Oh là là, Paris! C'est la vie !
On raconte toujours Paris comme si la vie n'y avait laissé, tout au long de centaines d’années, que de belles traces,
de beaux bâtiments, de belles gens et de belles lumières. Il est vrai que dans les livres et, surtout, les films, « Si Paris m’était conté », « Les Trois mousquetaires », «
Les mystères de Paris », la ville, en met plein la vue mais n'a pas d’odeur !!!
Or, Paris, pendant des siècles et jusqu'au milieu du XXème siècle, était une zone industrielle à ciel ouvert. On y
produisait des tas de choses, on y accumulait des tas de déchets (y compris humains), on équarrissait, tannait, fumait. On y déféquait et en déversait le produit par la fenêtre des habitations (avec un cri d'avertissement « gare, l’eau »). Tout près du Parc
Monceau, on traitait les métaux, on traitait les surfaces, le plomb, le cuivre. Des fumées nocives s'épanchaient à deux pas des plus beaux hôtels de la bourgeoisie. La Seine était polluée et
ses poissons étaient immangeables. Ses affluents parisiens étaient réduits à l'état d'égouts industriels. La Bièvre voyait passer tous les résidus des équarisseurs, des peauciers, des
tanneurs. Le boulevard Bonne Nouvelle avait été creusé dans des immondices accumulées pendant deux cents ou trois cents ans : l'odeur était telle que personne, même avec les subventions du
Roi de France, ne voulait s'en approcher!

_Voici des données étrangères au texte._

Lemma ratr_neq0_pchar0 (L : fieldType) (x : rat) :
  [pchar L] =i pred0 -> x != 0 -> ratr x != 0 :> L.
Proof.
move=> /pcharf0P char0 x_nz.
have intr_nz (z : int) : z != 0 -> z%:~R != 0 :> L.
  case: z => n z_nz; last by rewrite NegzE mulrNz oppr_eq0 [_%:~R]/(n.+1%:R) char0.
  by rewrite [_%:~R]/(n%:R) char0; apply: contra z_nz => /eqP ->.
by rewrite /ratr mulf_neq0 ?invr_neq0 ?intr_nz ?numq_eq0 ?denq_neq0.
Qed.

Lemma qsqr_neg_pure (R : realFieldType) (a b n : R) (x : quat R) : 0 < n ->
  qmul a b x x = qscal (- n) (qone R) ->
  q0 x = 0 /\ [|| q1 x != 0, q2 x != 0 | q3 x != 0].
Proof.
case: x => x0 x1 x2 x3 /= n_gt0 sqr_x.
move: (congr1 (@q0 R) sqr_x) (congr1 (@q1 R) sqr_x) => /= E0 E1.
move: (congr1 (@q2 R) sqr_x) (congr1 (@q3 R) sqr_x) => /= E2 E3.
have x0_0 : x0 = 0.
  case: (eqVneq x0 0) => // x0_nz; exfalso.
  have k_nz : 2 * x0 != 0 by rewrite mulf_neq0 ?pnatr_eq0.
  have x1_0 : x1 = 0 by apply: (scaled_sub_eq k_nz E1); ring.
  have x2_0 : x2 = 0 by apply: (scaled_sub_eq k_nz E2); ring.
  have x3_0 : x3 = 0 by apply: (scaled_sub_eq k_nz E3); ring.
  rewrite x1_0 x2_0 x3_0 in E0.
  have : x0 * x0 = - n by rewrite -[RHS]mulr1 -E0; ring.
  nra.
split=> //; apply: contraT.
rewrite !negb_or !negbK => /and3P[/eqP x1_0 /eqP x2_0 /eqP x3_0].
by move: E0; rewrite x0_0 x1_0 x2_0 x3_0 => E0; exfalso; lra.
Qed.

Lemma iota_delta_Eelt (L : fieldType) (dK c : nat) (m1 m2 m3 : L) :
  2 != 0 :> L -> c%:R != 0 :> L ->
  exists w1 w4, w4 != 0 /\ iota_delta dK c (Quat 0 m1 m2 m3) = Eelt m1 m2 m3 w1 0 0 w4.
Proof.
move=> two_nz c_nz; rewrite /iota_delta /iota_sqrtdK; case: ifP => _.
- exists 2^-1, (2^-1 * c%:R^-1); split; first by rewrite mulf_neq0 // invr_neq0.
  dq_ring.
- exists 0, c%:R^-1; split; first by rewrite invr_neq0.
  dq_ring.
Qed.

Le Mont Parnasse et quelques "montagnes" parisiennes n'avaient pas d'origine naturelle ! Quelques « vides », des
carrières abandonnées, avaient été converties en dépôts d’ordures. La butte Chaumont, un trou gigantesque, avait été transformée en montagne de détritus, résidus de
matériaux de construction, restes d’équarrissage des chevaux de trait arrivés au bout du
rouleau, accumulation d'ordures etc .
Il est vrai que dans ce monde peu ragoutant, les riches étaient à l’abri dans leurs hôtels, les moins riches évitaient
de se promener dans les rues, et si cela advenait, s’attachaient à occuper le « haut du pavé » pour éviter les éclaboussures des petits égouts qu’étaient la plupart des rues. Le
succès des « passages » parisiens qui se multiplièrent au XIX ème siècle tint à ce que, proprement dallés, ils permettaient d’éviter les fameuses mouches sur les bas blancs, ces traces
de boue récoltées dans des rues mal pavées (ou pas du tout).
Paris a bien changé. On peut inventer un décor de films depuis le moyen âge jusqu’au milieu du
XIX-ème siècle et laisser aller les acteurs et l’ensemble de la production sans qu’ils
salissent leurs souliers ou leurs sneakers. Autrefois, certains quartiers ne pouvaient pas être fréquentés de nuit à peine de mort: le centre de Paris est aujourd’hui paisible et riche.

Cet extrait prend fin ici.